(Extracted records)
Start of Block

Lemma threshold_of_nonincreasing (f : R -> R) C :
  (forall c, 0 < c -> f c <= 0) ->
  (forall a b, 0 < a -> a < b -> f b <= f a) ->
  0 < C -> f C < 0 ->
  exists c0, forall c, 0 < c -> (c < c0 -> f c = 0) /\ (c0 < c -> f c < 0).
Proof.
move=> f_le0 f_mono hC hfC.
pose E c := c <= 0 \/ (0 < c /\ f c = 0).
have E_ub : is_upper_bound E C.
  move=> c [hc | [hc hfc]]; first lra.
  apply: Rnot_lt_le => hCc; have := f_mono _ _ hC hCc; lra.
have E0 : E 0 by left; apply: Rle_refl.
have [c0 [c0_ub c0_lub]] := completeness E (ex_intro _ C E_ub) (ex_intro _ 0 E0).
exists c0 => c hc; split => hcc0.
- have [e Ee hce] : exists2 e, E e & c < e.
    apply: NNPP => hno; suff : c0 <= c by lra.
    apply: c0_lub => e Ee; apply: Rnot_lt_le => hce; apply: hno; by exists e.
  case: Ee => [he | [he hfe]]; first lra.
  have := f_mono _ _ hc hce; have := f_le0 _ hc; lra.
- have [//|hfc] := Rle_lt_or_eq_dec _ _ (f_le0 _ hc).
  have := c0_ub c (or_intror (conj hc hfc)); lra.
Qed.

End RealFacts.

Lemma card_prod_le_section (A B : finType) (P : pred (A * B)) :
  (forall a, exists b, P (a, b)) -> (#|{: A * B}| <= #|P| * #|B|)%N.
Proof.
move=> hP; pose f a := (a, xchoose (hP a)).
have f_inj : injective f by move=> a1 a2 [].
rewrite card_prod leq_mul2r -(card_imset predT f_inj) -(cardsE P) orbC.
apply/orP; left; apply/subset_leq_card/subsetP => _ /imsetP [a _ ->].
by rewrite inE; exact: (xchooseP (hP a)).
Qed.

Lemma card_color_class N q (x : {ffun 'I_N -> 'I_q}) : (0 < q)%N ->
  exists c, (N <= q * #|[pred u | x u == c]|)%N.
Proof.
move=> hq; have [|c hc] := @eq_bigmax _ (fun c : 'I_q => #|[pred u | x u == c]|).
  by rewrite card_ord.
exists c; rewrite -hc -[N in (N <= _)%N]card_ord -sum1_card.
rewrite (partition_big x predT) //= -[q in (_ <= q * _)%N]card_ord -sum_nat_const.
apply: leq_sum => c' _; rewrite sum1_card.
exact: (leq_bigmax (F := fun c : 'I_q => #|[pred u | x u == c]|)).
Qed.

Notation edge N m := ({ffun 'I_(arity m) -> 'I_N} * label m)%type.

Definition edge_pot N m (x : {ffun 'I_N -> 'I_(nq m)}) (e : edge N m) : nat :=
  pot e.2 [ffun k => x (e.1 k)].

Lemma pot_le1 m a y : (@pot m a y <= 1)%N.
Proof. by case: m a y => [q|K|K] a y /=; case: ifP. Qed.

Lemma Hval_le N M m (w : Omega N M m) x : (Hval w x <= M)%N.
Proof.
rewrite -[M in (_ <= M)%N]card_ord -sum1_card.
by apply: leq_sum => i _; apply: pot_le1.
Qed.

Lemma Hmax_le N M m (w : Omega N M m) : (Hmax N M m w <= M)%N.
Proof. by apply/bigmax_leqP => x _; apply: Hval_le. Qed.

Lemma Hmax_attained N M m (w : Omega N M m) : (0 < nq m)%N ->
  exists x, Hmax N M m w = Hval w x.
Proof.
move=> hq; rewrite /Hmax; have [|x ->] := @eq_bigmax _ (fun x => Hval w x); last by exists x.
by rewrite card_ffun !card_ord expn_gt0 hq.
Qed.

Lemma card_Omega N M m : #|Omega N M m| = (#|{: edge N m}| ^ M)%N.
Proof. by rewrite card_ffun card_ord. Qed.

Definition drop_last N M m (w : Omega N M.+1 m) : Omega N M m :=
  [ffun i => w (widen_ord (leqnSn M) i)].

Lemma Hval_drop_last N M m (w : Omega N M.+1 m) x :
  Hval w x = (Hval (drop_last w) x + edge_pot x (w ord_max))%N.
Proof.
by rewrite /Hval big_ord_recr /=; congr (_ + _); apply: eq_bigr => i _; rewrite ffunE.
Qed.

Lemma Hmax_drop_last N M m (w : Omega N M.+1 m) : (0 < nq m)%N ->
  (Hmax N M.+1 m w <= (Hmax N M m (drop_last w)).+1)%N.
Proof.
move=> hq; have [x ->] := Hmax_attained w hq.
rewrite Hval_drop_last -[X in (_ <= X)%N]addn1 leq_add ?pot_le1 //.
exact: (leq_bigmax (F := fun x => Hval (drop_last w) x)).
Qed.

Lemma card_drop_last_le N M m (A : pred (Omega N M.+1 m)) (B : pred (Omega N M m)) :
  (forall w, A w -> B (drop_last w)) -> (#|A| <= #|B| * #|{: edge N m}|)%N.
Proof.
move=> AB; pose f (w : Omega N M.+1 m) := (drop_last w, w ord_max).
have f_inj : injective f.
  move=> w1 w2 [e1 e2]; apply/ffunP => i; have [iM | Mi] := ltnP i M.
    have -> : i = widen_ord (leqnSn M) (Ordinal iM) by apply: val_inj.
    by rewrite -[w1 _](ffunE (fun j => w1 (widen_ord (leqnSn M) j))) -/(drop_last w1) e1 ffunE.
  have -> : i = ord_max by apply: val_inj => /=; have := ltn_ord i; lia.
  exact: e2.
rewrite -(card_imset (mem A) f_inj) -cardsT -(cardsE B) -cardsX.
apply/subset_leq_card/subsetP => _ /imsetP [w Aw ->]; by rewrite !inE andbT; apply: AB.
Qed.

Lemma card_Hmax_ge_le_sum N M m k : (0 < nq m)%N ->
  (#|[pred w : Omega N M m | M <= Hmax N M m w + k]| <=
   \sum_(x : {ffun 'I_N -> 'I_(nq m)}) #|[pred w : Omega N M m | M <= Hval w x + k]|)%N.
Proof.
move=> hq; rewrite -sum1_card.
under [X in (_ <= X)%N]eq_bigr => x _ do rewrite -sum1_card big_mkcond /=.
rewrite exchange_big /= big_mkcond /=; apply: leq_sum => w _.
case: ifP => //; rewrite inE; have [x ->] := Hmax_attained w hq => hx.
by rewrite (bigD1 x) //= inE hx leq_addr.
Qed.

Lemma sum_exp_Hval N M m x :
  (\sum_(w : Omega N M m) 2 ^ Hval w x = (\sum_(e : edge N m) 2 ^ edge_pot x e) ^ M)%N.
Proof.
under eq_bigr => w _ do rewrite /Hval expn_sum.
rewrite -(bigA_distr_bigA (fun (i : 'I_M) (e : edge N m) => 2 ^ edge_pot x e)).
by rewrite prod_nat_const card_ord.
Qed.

End of Block

**Task directions**:
All the data above is to be given again, exactly.

**Solved problem**:
Lemma threshold_of_nonincreasing (f : R -> R) C :
  (forall c, 0 < c -> f c <= 0) ->
  (forall a b, 0 < a -> a < b -> f b <= f a) ->
  0 < C -> f C < 0 ->
  exists c0, forall c, 0 < c -> (c < c0 -> f c = 0) /\ (c0 < c -> f c < 0).
Proof.
move=> f_le0 f_mono hC hfC.
pose E c := c <= 0 \/ (0 < c /\ f c = 0).
have E_ub : is_upper_bound E C.
  move=> c [hc | [hc hfc]]; first lra.
  apply: Rnot_lt_le => hCc; have := f_mono _ _ hC hCc; lra.
have E0 : E 0 by left; apply: Rle_refl.
have [c0 [c0_ub c0_lub]] := completeness E (ex_intro _ C E_ub) (ex_intro _ 0 E0).
exists c0 => c hc; split => hcc0.
- have [e Ee hce] : exists2 e, E e & c < e.
    apply: NNPP => hno; suff : c0 <= c by lra.
    apply: c0_lub => e Ee; apply: Rnot_lt_le => hce; apply: hno; by exists e.
  case: Ee => [he | [he hfe]]; first lra.
  have := f_mono _ _ hc hce; have := f_le0 _ hc; lra.
- have [//|hfc] := Rle_lt_or_eq_dec _ _ (f_le0 _ hc).
  have := c0_ub c (or_intror (conj hc hfc)); lra.
Qed.

End RealFacts.

Lemma card_prod_le_section (A B : finType) (P : pred (A * B)) :
  (forall a, exists b, P (a, b)) -> (#|{: A * B}| <= #|P| * #|B|)%N.
Proof.
move=> hP; pose f a := (a, xchoose (hP a)).
have f_inj : injective f by move=> a1 a2 [].
rewrite card_prod leq_mul2r -(card_imset predT f_inj) -(cardsE P) orbC.
apply/orP; left; apply/subset_leq_card/subsetP => _ /imsetP [a _ ->].
by rewrite inE; exact: (xchooseP (hP a)).
Qed.

Lemma card_color_class N q (x : {ffun 'I_N -> 'I_q}) : (0 < q)%N ->
  exists c, (N <= q * #|[pred u | x u == c]|)%N.
Proof.
move=> hq; have [|c hc] := @eq_bigmax _ (fun c : 'I_q => #|[pred u | x u == c]|).
  by rewrite card_ord.
exists c; rewrite -hc -[N in (N <= _)%N]card_ord -sum1_card.
rewrite (partition_big x predT) //= -[q in (_ <= q * _)%N]card_ord -sum_nat_const.
apply: leq_sum => c' _; rewrite sum1_card.
exact: (leq_bigmax (F := fun c : 'I_q => #|[pred u | x u == c]|)).
Qed.

Notation edge N m := ({ffun 'I_(arity m) -> 'I_N} * label m)%type.

Definition edge_pot N m (x : {ffun 'I_N -> 'I_(nq m)}) (e : edge N m) : nat :=
  pot e.2 [ffun k => x (e.1 k)].

Lemma pot_le1 m a y : (@pot m a y <= 1)%N.
Proof. by case: m a y => [q|K|K] a y /=; case: ifP. Qed.

Lemma Hval_le N M m (w : Omega N M m) x : (Hval w x <= M)%N.
Proof.
rewrite -[M in (_ <= M)%N]card_ord -sum1_card.
by apply: leq_sum => i _; apply: pot_le1.
Qed.

Lemma Hmax_le N M m (w : Omega N M m) : (Hmax N M m w <= M)%N.
Proof. by apply/bigmax_leqP => x _; apply: Hval_le. Qed.

Lemma Hmax_attained N M m (w : Omega N M m) : (0 < nq m)%N ->
  exists x, Hmax N M m w = Hval w x.
Proof.
move=> hq; rewrite /Hmax; have [|x ->] := @eq_bigmax _ (fun x => Hval w x); last by exists x.
by rewrite card_ffun !card_ord expn_gt0 hq.
Qed.

Lemma card_Omega N M m : #|Omega N M m| = (#|{: edge N m}| ^ M)%N.
Proof. by rewrite card_ffun card_ord. Qed.

Definition drop_last N M m (w : Omega N M.+1 m) : Omega N M m :=
  [ffun i => w (widen_ord (leqnSn M) i)].

Lemma Hval_drop_last N M m (w : Omega N M.+1 m) x :
  Hval w x = (Hval (drop_last w) x + edge_pot x (w ord_max))%N.
Proof.
by rewrite /Hval big_ord_recr /=; congr (_ + _); apply: eq_bigr => i _; rewrite ffunE.
Qed.

Lemma Hmax_drop_last N M m (w : Omega N M.+1 m) : (0 < nq m)%N ->
  (Hmax N M.+1 m w <= (Hmax N M m (drop_last w)).+1)%N.
Proof.
move=> hq; have [x ->] := Hmax_attained w hq.
rewrite Hval_drop_last -[X in (_ <= X)%N]addn1 leq_add ?pot_le1 //.
exact: (leq_bigmax (F := fun x => Hval (drop_last w) x)).
Qed.

Lemma card_drop_last_le N M m (A : pred (Omega N M.+1 m)) (B : pred (Omega N M m)) :
  (forall w, A w -> B (drop_last w)) -> (#|A| <= #|B| * #|{: edge N m}|)%N.
Proof.
move=> AB; pose f (w : Omega N M.+1 m) := (drop_last w, w ord_max).
have f_inj : injective f.
  move=> w1 w2 [e1 e2]; apply/ffunP => i; have [iM | Mi] := ltnP i M.
    have -> : i = widen_ord (leqnSn M) (Ordinal iM) by apply: val_inj.
    by rewrite -[w1 _](ffunE (fun j => w1 (widen_ord (leqnSn M) j))) -/(drop_last w1) e1 ffunE.
  have -> : i = ord_max by apply: val_inj => /=; have := ltn_ord i; lia.
  exact: e2.
rewrite -(card_imset (mem A) f_inj) -cardsT -(cardsE B) -cardsX.
apply/subset_leq_card/subsetP => _ /imsetP [w Aw ->]; by rewrite !inE andbT; apply: AB.
Qed.

Lemma card_Hmax_ge_le_sum N M m k : (0 < nq m)%N ->
  (#|[pred w : Omega N M m | M <= Hmax N M m w + k]| <=
   \sum_(x : {ffun 'I_N -> 'I_(nq m)}) #|[pred w : Omega N M m | M <= Hval w x + k]|)%N.
Proof.
move=> hq; rewrite -sum1_card.
under [X in (_ <= X)%N]eq_bigr => x _ do rewrite -sum1_card big_mkcond /=.
rewrite exchange_big /= big_mkcond /=; apply: leq_sum => w _.
case: ifP => //; rewrite inE; have [x ->] := Hmax_attained w hq => hx.
by rewrite (bigD1 x) //= inE hx leq_addr.
Qed.

Lemma sum_exp_Hval N M m x :
  (\sum_(w : Omega N M m) 2 ^ Hval w x = (\sum_(e : edge N m) 2 ^ edge_pot x e) ^ M)%N.
Proof.
under eq_bigr => w _ do rewrite /Hval expn_sum.
rewrite -(bigA_distr_bigA (fun (i : 'I_M) (e : edge N m) => 2 ^ edge_pot x e)).
by rewrite prod_nat_const card_ord.
Qed.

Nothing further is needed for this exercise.